In the case of Arthur Conan Doyle's 1912 novel The Lost World, Lobdell describes parallels such as the way the group of travellers accidentally come together, helped by a professorial figure who accompanies them for only part of their adventure. The journey involves travelling to unknown lands, via a cave. The characterisation is basic, with "types" rather than characters that are developed in detail; one of the characters is an "eccentric omnicompetent" figure who solves many problems for the group. The protagonists come safely through all their adventures despite hazards from nature. Finally, the story is said to have been written by the most ordinary member of the group, providing a "common lens" though which the reader can view the "heroic experience".

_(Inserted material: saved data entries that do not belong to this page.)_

Lemma Bcoef_bounds (i j : 'I_N) :
  0 <= Bcoef F Phi (u_of_r r) i j <= total (on_faces (dangle_max R0)).
Proof.
have Bk k : [set i; j; k] \in F -> pderiv (fun w => hangle Phi (r_of_u w) i j k) (u_of_r r) j
  = sinh (r j) * tri_angle_dr (r i) (r j) (r k) (cos (Phi i j)) (cos (Phi i k)) (cos (Phi j k)).
  move=> f; have [ij _ jk] := face_neq tri f.
  exact: pderiv_hangle r_gt0 ij jk (face_data_of_face r_ge f).
rewrite /Bcoef (eq_bigr _ Bk); split.
  by apply: big_Rplus_ge0 => k f; have := dangle_term_bounds (face_data_of_face r_ge f); lra.
have g0 := on_faces_dangle_max_ge0.
apply: (Rle_trans _ _ _ _ (total_ge_sum1 g0 i j)).
apply: (Rle_trans _ _ _ _ (big_Rplus_le_full (fun k => [set i; j; k] \in F) (g0 i j))).
apply: big_Rplus_le => k f; rewrite /on_faces f.
by have := dangle_term_bounds (face_data_of_face r_ge f); lra.
Qed.

Lemma Acoef_eq (i : 'I_N) :
  Acoef F Phi (u_of_r r) i =
  \big[Rplus/0]_(j : 'I_N) \big[Rplus/0]_(k : 'I_N | (j < k)%N && ([set i; j; k] \in F))
    (sinh (r i) * tri_area_dr (r i) (r j) (r k) (cos (Phi i j)) (cos (Phi i k)) (cos (Phi j k))).
Proof.
rewrite /Acoef /pderiv /star_area; apply: is_derive_unique.
apply: is_derive_big_Rplus => j _; apply: is_derive_big_Rplus => k /andP [_ f].
have [ij ik _] := face_neq tri f; have [ji ki kj] := face_weight_sym f.
exact: is_derive_harea r_gt0 ij ik ji ki kj (face_data_of_face r_ge f).
Qed.

Lemma Acoef_le (i : 'I_N) : Acoef F Phi (u_of_r r) i <= total (on_faces (darea_max R0)).
Proof.
have g0 := on_faces_darea_max_ge0.
rewrite Acoef_eq; apply: (Rle_trans _ _ _ _ (total_ge_sum2 g0 i)).
apply: big_Rplus_le => j _.
apply: (Rle_trans _ _ _ _
  (big_Rplus_le_full (fun k : 'I_N => (j < k)%N && ([set i; j; k] \in F)) (g0 i j))).
apply: big_Rplus_le => k /andP [_ f]; rewrite /on_faces f.
by have := darea_bounds (face_data_of_face r_ge f); lra.
Qed.

Lemma Acoef_ge (i : 'I_N) :
  / (1 + total (on_faces (fun a b c => / darea_min R0 a b c))) <= Acoef F Phi (u_of_r r) i.
Proof.
have dmin0 x y z a b c := @darea_min_gt0 R0 x y z a b c.
have g0 := on_faces_inv_darea_min_ge0.
have term_ge0 (j k : 'I_N) : (j < k)%N && ([set i; j; k] \in F) ->
    0 <= sinh (r i) * tri_area_dr (r i) (r j) (r k) (cos (Phi i j)) (cos (Phi i k)) (cos (Phi j k)).
  move=> /andP [_ f]; have T := face_data_of_face r_ge f.
  by have := darea_bounds T; have := dmin0 _ _ _ _ _ _ T; lra.
have [j [k jkf]] := exists_face_at tri i; have /andP [_ f] := jkf.
have T := face_data_of_face r_ge f; have m0 := dmin0 _ _ _ _ _ _ T.
have := total_ge_term g0 i j k; rewrite /on_faces f => inv_le.
apply: (Rle_trans _ (darea_min R0 (cos (Phi i j)) (cos (Phi i k)) (cos (Phi j k)))).
  rewrite -[X in _ <= X]Rinv_inv; apply: Rinv_le_contravar; last lra.
  exact: Rinv_0_lt_compat.
apply: (Rle_trans _ _ _ (proj1 (darea_bounds T))).
apply: (Rle_trans _ _ _ (big_Rplus_ge_term (term_ge0 j) jkf)); rewrite Acoef_eq.
apply: (@big_Rplus_ge_term _ _ _ j) => // j' _.
by apply: big_Rplus_ge0; apply: term_ge0.
Qed.

End Estimates.

Theorem theorem1p1 (N : nat) (F : {set {set 'I_N}}) (Phi : 'I_N -> 'I_N -> R)
    (R0 : R) :
  closed_surface_triangulation F ->
  is_weight F Phi ->
  star_condition F Phi ->
  0 < R0 ->
  exists a1 a2 a3 : R, 0 < a1 /\ 0 < a2 /\ 0 < a3 /\
    forall r : 'I_N -> R, (forall i, R0 <= r i) ->
      (forall i : 'I_N, a1 <= Acoef F Phi (u_of_r r) i <= a2) /\
      (forall i j : 'I_N, adjacent F i j ->
         0 <= Bcoef F Phi (u_of_r r) i j <= a3).
Proof.
move=> tri weight star R0_gt0.
have LA0 := total_ge0 (on_faces_inv_darea_min_ge0 tri weight star R0_gt0).
have UA0 := total_ge0 (on_faces_darea_max_ge0 tri weight star R0_gt0).
have UB0 := total_ge0 (on_faces_dangle_max_ge0 tri weight star R0_gt0).
exists (/ (1 + total (on_faces F Phi (fun a b c => / darea_min R0 a b c)))),
  (1 + total (on_faces F Phi (darea_max R0))), (1 + total (on_faces F Phi (dangle_max R0))).
split; first by apply: Rinv_0_lt_compat; lra.
do 2 (split; first lra).
move=> r r_ge; split=> [i | i j _].
  have := Acoef_le tri weight star R0_gt0 r_ge i.
  by have := Acoef_ge tri weight star R0_gt0 r_ge i; lra.
by have := Bcoef_bounds tri weight star R0_gt0 r_ge i j; lra.
Qed.
Lemma inv_root4_taylor (s u : R) : 0 < s -> - s / 100 <= u ->
  (root4 (s + u))^-1 <=
    (root4 s)^-1 - u * (root4 s)^-1 ^+ 5 / 4 + 21/128 * u ^+ 2 * (root4 s)^-1 ^+ 9.
Proof.
move=> s_gt0 u_ge.
have su_gt0 : 0 < s + u by lra.
set v := root4 s; set w := root4 (s + u); set t := u / s.
have t_ge : -1/100 <= t by rewrite ler_pdivlMr //; lra.
have v_gt0 : 0 < v by exact: root4_gt0.
have w_gt0 : 0 < w by exact: root4_gt0.
have u_eq : u = t * v ^+ 4 by rewrite root4K ?ltW // divfK ?lt0r_neq0.
have x4 : (w / v) ^+ 4 = 1 + t.
  by rewrite exprMn exprVn !root4K ?ltW // /t; field; rewrite lt0r_neq0.
have x_ge : 99/100 <= w / v.
  rewrite leNgt; apply/negP => x_lt.
  have : (w / v) ^+ 4 < (99/100) ^+ 4 by rewrite ltrXn2r // divr_ge0 ?ltW.
  by rewrite x4 !exprS expr0; lra.
have := inv_taylor_unit x_ge; rewrite x4 [1 + t]addrC addrK => taylor.
have -> : w^-1 = v^-1 * (w / v)^-1 by rewrite invf_div mulrA mulVf ?mul1r ?lt0r_neq0.
have -> : v^-1 - u * v^-1 ^+ 5 / 4 + 21/128 * u ^+ 2 * v^-1 ^+ 9
          = v^-1 * (1 - t / 4 + 21/128 * t ^+ 2).
  by rewrite u_eq; field; rewrite lt0r_neq0.
by apply: ler_wpM2l; first by rewrite invr_ge0 ltW.
Qed.

Lemma inv_root4_pair (s a : R) : 10000 + a ^+ 2 <= s ->
  (root4 (s + (1 + 2 * a)))^-1 + (root4 (s + (1 - 2 * a)))^-1 <=
    2 * (root4 s)^-1 - (root4 s)^-1 ^+ 5 / 2 + 21/64 * (root4 s)^-1 ^+ 9 * (1 + 4 * a ^+ 2).
Proof.
move=> s_ge; have s_gt0 : 0 < s by have := sqr_ge0 a; lra.
have plus_ge : - s / 100 <= 1 + 2 * a by have := sqr_ge0 (a + 100); lra.
have minus_ge : - s / 100 <= 1 - 2 * a by have := sqr_ge0 (a - 100); lra.
have := inv_root4_taylor s_gt0 plus_ge; have := inv_root4_taylor s_gt0 minus_ge.
lra.
Qed.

Parallels identified by Jared Lobdell with Edwardian adventure stories
| Parallel | Edwardian adventure story | The Lord of the Rings |
| Story "of Englishmen abroad in the wide and mysterious world" | "Triumph over nature" The Lost World | Hobbits "are Englishmen" |
| The past is "mysteriously alive in the present" | e.g. King Solomon's Mines, She, The Lost World |  |
| "There and back again" framework | "Narrator has to return home ... to tell his story" | Both The Hobbit and The Lord of the Rings |
For example, in The Lost World ...
| Travellers assemble accidentally... | "or by the machinations of Professor Challenger" "who is not with them for the entire journey" | Gandalf, ditto |
| "Travel to unknown lands" ... | ... via a cave (on way down) | ... via Shelob's cave (on way up) |
| Protagonists "are types" | "Sportsman, Irish rugger, desiccated (but tough) professor, ... eccentric omnicompetent" | The Company of the Ring with "the eccentric omnicompetent, Gandalf" |
| Nature attacks the protagonists | "prehistoric animals" | Old Man Willow, snow at Caradhras |
| They come safely through | all 4 | 8 of the 9 |
| Story is written by the most ordinary of the group | Edward Dunn Malone | Frodo Baggins, the "common lens for heroic experience" |

== Post-war novelist ==

Julie Pridmore agrees that The Hobbit "would seem to owe much to the nineteenth and early twentieth-century Edwardian adventure story", but that The Lord of the Rings is more clearly modern, even if some scholars denied that connection. In particular, as Shippey has written, Tolkien is a "post-war writer"; Pridmore states that "Tolkien's heroes were never the great men of late Victorian and early Edwardian hero worship". Instead, in her view, he wrote about heroism in the actions of ordinary soldiers, represented by Frodo and Sam. She concludes that "the First World War ... separates Tolkien's heroes from the adventure heroes of the Victorians and Edwardians and makes The Lord of the Rings a twentieth-century text with twentieth-century questions about masculinity, heroism and hero-worship."

Anna Vaninskaya notes Lobdell's characterisation of Tolkien as a writer of Edwardian mode adventure stories, and that the modern authors who influenced him "were born before 1880". But on the other hand, she writes, Tolkien can equally well be seen as a writer responding to the trauma of the First World War, alongside James Joyce and T. S. Eliot, or one responding to the evil of the Second World War, like William Golding and George Orwell. And his use of post-modernist devices like metafiction, pastiche, and self-referentiality would imply, she writes, that his contemporaries include writers after 1950.